Malware ported from the Linux environment makes its ‘debut’ on Mac OS X
Sophos is sounding the alarm on OSX/Tsunami-A, a newly emerged backdoor Trojan horse for Mac OS X. The company’s senior technology consultant says it’s a dangerous one!The news comes high on the heels of another Trojan targeting Macs - Flashback, whose multiple variants masquerade as a Flash player installer.
Now, Graham Cluley writes on his company’s Naked Security blog that Tsunami is particularly interesting because “it appears to be a port of Troj/Kaiten, a Linux backdoor Trojan horse that once it has embedded itself on a computer system listens to an IRC channel for further instructions.”
Cluley notes that his company’s freeware antivirus solutions are being updated to detect this malware.
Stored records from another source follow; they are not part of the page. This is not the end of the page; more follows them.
(* Let $A$ be a unital C*-algebra. There is a bijective correspondence between quasi-states $\rho$ on $A$ and probability integrals on $\underline{A}_{\mathrm{sa}}$ internal to $\mathcal{T}(A)=[\mathcal{C}(A),\mathbf{Set}]$; externally, the latter are families $(I_C)_{C\in\mathcal{C}(A)}$ of positive linear functionals $I_C\colon C_{\mathrm{sa}}\to\mathbb{R}$ with $I_C(1)=1$ that are natural, i.e. $I_D|_{C_{\mathrm{sa}}}=I_C$ whenever $C\subseteq D$. The correspondence sends $\rho$ to $I_C=\rho|_{C_{\mathrm{sa}}}$ and, conversely, $(I_C)$ to the unique complex-linear-on-real-and-imaginary-parts extension of $a\mapsto I_{C^*(a)}(a)$ ($a\in A_{\mathrm{sa}}$, $C^*(a)$ the C*-subalgebra generated by $a$ and $1$). Under this correspondence faithful quasi-states correspond to faithful probability integrals (those with $I_C(f)=0$, $f\ge0$ implying $f=0$ for all $C$).
   Context: $\mathcal{C}(A)$: poset of commutative unital C*-subalgebras of $A$ under inclusion; $\underline{A}(C)=C$ is the Bohrification, an internal commutative C*-algebra, and $\underline{A}_{\mathrm{sa}}(C)=C_{\mathrm{sa}}$; the internal Dedekind reals in $\mathcal{T}(A)$ form the constant functor $C\mapsto\mathbb{R}$. A quasi-linear functional on $A$ is a map $\rho\colon A\to\mathbb{C}$ that is linear on every commutative C*-subalgebra and satisfies $\rho(a+ib)=\rho(a)+i\rho(b)$ for all $a,b\in A_{\mathrm{sa}}$; it is a quasi-state if moreover $\rho(A^+)\subseteq\mathbb{R}^+$ and $\rho(1)=1$; it is faithful if $\rho(a)=0$ with $a\ge0$ implies $a=0$. A probability integral on a Riesz space $R$ with strong unit $1$ is a linear $I\colon R\to\mathbb{R}$ with $I(f)\ge0$ for $f\ge0$ and $I(1)=1$. *)

From Stdlib Require Import Reals.
Open Scope R_scope.

Record Cx := mkC { Re : R ; Im : R }.
Definition C0 : Cx := mkC 0 0.
Definition C1 : Cx := mkC 1 0.
Definition Ci : Cx := mkC 0 1.
Definition RtoC (r : R) : Cx := mkC r 0.
Definition Cadd (z w : Cx) : Cx := mkC (Re z + Re w) (Im z + Im w).
Definition Cmul (z w : Cx) : Cx :=
  mkC (Re z * Re w - Im z * Im w) (Re z * Im w + Im z * Re w).
Definition Cconj (z : Cx) : Cx := mkC (Re z) (- Im z).
Definition Cmod (z : Cx) : R := sqrt (Re z * Re z + Im z * Im z).

Record CStarAlgebra := {
  car :> Type;
  a0 : car;
  a1 : car;
  aadd : car -> car -> car;
  aopp : car -> car;
  asmul : Cx -> car -> car;
  amul : car -> car -> car;
  astar : car -> car;
  anorm : car -> R;
  aadd_assoc : forall x y z, aadd x (aadd y z) = aadd (aadd x y) z;
  aadd_comm : forall x y, aadd x y = aadd y x;
  aadd_0 : forall x, aadd x a0 = x;
  aadd_opp : forall x, aadd x (aopp x) = a0;
  asmul_assoc : forall s t x, asmul s (asmul t x) = asmul (Cmul s t) x;
  asmul_1 : forall x, asmul C1 x = x;
  asmul_addr : forall s x y, asmul s (aadd x y) = aadd (asmul s x) (asmul s y);
  asmul_addl : forall s t x, asmul (Cadd s t) x = aadd (asmul s x) (asmul t x);
  amul_assoc : forall x y z, amul x (amul y z) = amul (amul x y) z;
  amul_1l : forall x, amul a1 x = x;
  amul_1r : forall x, amul x a1 = x;
  amul_addl : forall x y z, amul (aadd x y) z = aadd (amul x z) (amul y z);
  amul_addr : forall x y z, amul x (aadd y z) = aadd (amul x y) (amul x z);
  amul_smull : forall s x y, amul (asmul s x) y = asmul s (amul x y);
  amul_smulr : forall s x y, amul x (asmul s y) = asmul s (amul x y);
  astar_invol : forall x, astar (astar x) = x;
  astar_add : forall x y, astar (aadd x y) = aadd (astar x) (astar y);
  astar_smul : forall s x, astar (asmul s x) = asmul (Cconj s) (astar x);
  astar_mul : forall x y, astar (amul x y) = amul (astar y) (astar x);
  anorm_nonneg : forall x, 0 <= anorm x;
  anorm_eq0 : forall x, anorm x = 0 -> x = a0;
  anorm_triangle : forall x y, anorm (aadd x y) <= anorm x + anorm y;
  anorm_smul : forall s x, anorm (asmul s x) = Cmod s * anorm x;
  anorm_mul : forall x y, anorm (amul x y) <= anorm x * anorm y;
  anorm_cstar : forall x, anorm (amul (astar x) x) = anorm x * anorm x;
  acomplete : forall u : nat -> car,
    (forall eps, 0 < eps -> exists N, forall m n, (N <= m)%nat -> (N <= n)%nat ->
        anorm (aadd (u m) (aopp (u n))) < eps) ->
    exists l, forall eps, 0 < eps -> exists N, forall n, (N <= n)%nat ->
        anorm (aadd (u n) (aopp l)) < eps
}.

Arguments a0 {c}. Arguments a1 {c}. Arguments aadd {c}. Arguments aopp {c}.
Arguments asmul {c}. Arguments amul {c}. Arguments astar {c}. Arguments anorm {c}.

Section Defs.
Variable A : CStarAlgebra.

Definition self_adjoint (x : A) : Prop := astar x = x.

Definition positive (a : A) : Prop := exists b : A, a = amul (astar b) b.

Definition is_CStar_subalgebra (S : A -> Prop) : Prop :=
  S a1 /\
  (forall x y, S x -> S y -> S (aadd x y)) /\
  (forall s x, S x -> S (asmul s x)) /\
  (forall x y, S x -> S y -> S (amul x y)) /\
  (forall x, S x -> S (astar x)) /\
  (forall (u : nat -> A) (l : A), (forall n, S (u n)) ->
     (forall eps, 0 < eps -> exists N, forall n, (N <= n)%nat ->
        anorm (aadd (u n) (aopp l)) < eps) -> S l).

Definition in_CA (C : A -> Prop) : Prop :=
  is_CStar_subalgebra C /\ (forall x y, C x -> C y -> amul x y = amul y x).

Definition Cstar_gen (a : A) : A -> Prop :=
  fun x => forall S, is_CStar_subalgebra S -> S a -> S x.

Definition positive_in (C : A -> Prop) (f : A) : Prop :=
  exists g : A, C g /\ f = amul (astar g) g.

Definition quasi_linear (rho : A -> Cx) : Prop :=
  (forall C, in_CA C ->
     (forall x y, C x -> C y -> rho (aadd x y) = Cadd (rho x) (rho y)) /\
     (forall s x, C x -> rho (asmul s x) = Cmul s (rho x))) /\
  (forall a b, self_adjoint a -> self_adjoint b ->
     rho (aadd a (asmul Ci b)) = Cadd (rho a) (Cmul Ci (rho b))).

Definition quasi_state (rho : A -> Cx) : Prop :=
  quasi_linear rho /\
  (forall a, positive a -> Im (rho a) = 0 /\ 0 <= Re (rho a)) /\
  rho a1 = C1.

Definition faithful_qs (rho : A -> Cx) : Prop :=
  forall a, positive a -> rho a = C0 -> a = a0.

(* External description of an internal probability integral on A_sa in T(A):
   a family C |-> I_C : C_sa -> R (only the values on C in C(A) and
   f in C_sa matter). *)
Definition prob_integral_family (I : (A -> Prop) -> A -> R) : Prop :=
  (forall C, in_CA C ->
     (forall f g, C f -> self_adjoint f -> C g -> self_adjoint g ->
        I C (aadd f g) = I C f + I C g) /\
     (forall (r : R) f, C f -> self_adjoint f -> I C (asmul (RtoC r) f) = r * I C f) /\
     (forall f, C f -> self_adjoint f -> positive_in C f -> 0 <= I C f) /\
     I C a1 = 1) /\
  (forall C D, in_CA C -> in_CA D -> (forall x, C x -> D x) ->
     forall f, C f -> self_adjoint f -> I D f = I C f).

Definition faithful_pif (I : (A -> Prop) -> A -> R) : Prop :=
  forall C, in_CA C -> forall f, C f -> self_adjoint f -> positive_in C f ->
    I C f = 0 -> f = a0.

Definition re_part (a : A) : A := asmul (RtoC (/2)) (aadd a (astar a)).
Definition im_part (a : A) : A :=
  asmul (mkC 0 (- / 2)) (aadd a (aopp (astar a))).

Definition restrict_qs (rho : A -> Cx) : (A -> Prop) -> A -> R :=
  fun C f => Re (rho f).

Definition extend_pif (I : (A -> Prop) -> A -> R) : A -> Cx :=
  fun a => mkC (I (Cstar_gen (re_part a)) (re_part a))
               (I (Cstar_gen (im_part a)) (im_part a)).

End Defs.

From Pilot Require Import Defs.
From Stdlib Require Import Reals Lra Lia List FunctionalExtensionality.
Open Scope R_scope.

(* Linearity, naturality and the two inversion formulas are bookkeeping with the
   decomposition a = Re a + i Im a, using that C*(h) is commutative and contained in every
   C*-subalgebra containing h.  The one analytic ingredient is that b^* b equals g^* g for
   some g in C*(b^* b), which makes positivity and faithfulness in A (quasi-states) agree
   with positivity in each commutative C (probability integrals); it follows from the
   Fukamiya–Kaplansky theorem and the existence of square roots inside C*-subalgebras. *)

Local Notation "x ⊕ y" := (aadd x y) (at level 50, left associativity).
Local Notation "x ⊗ y" := (amul x y) (at level 40, left associativity).
Local Notation "r ⋅ x" := (asmul (RtoC r) x) (at level 40, no associativity).
Local Notation "⊖ x" := (aopp x) (at level 35).
Local Notation "x ⊖ y" := (aadd x (aopp y)) (at level 50, left associativity).

Lemma Cx_ext (z w : Cx) : Re z = Re w -> Im z = Im w -> z = w.
Proof. destruct z, w; simpl; intros -> ->; reflexivity. Qed.

Lemma RtoC_add r s : Cadd (RtoC r) (RtoC s) = RtoC (r + s).
Proof. apply Cx_ext; simpl; ring. Qed.
Lemma RtoC_mul r s : Cmul (RtoC r) (RtoC s) = RtoC (r * s).
Proof. apply Cx_ext; simpl; ring. Qed.
Lemma RtoC_conj r : Cconj (RtoC r) = RtoC r.
Proof. apply Cx_ext; simpl; ring. Qed.

Section Algebra.
Context {A : CStarAlgebra}.
Implicit Types x y z : A.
In the meanwhile, some questions remain unanswered, he says. Like, for example, “how would this code find itself on your Mac in the first place?”
Cluley proposes a few plausible scenarios, such as: “a malicious hacker plants it there, to access your computer remotely and launch DDoS attacks”; “or … you have volunteered your Mac to participate in an organised attack on a website.”
But regardless of how you may get infected, the Trojan basically makes it possible for someone to gain full control of your Mac. “If that doesn't instantly raise the hairs on the back of your neck, it certainly should,” says Cluley.
“Mac users are reminded that even though there is far less malware in existence for Mac OS X than for Windows, that doesn't mean the problem is non-existent. You only need to read our short history of Mac malware to realise that,” he adds.
As usual, Sophos expects to see these cybercriminal attacks to continue, and that includes the Mac front where users fail to protect their computers.
“If the bad guys think they can make money out of infecting and compromising Macs, they will keep trying,” Cluley ends.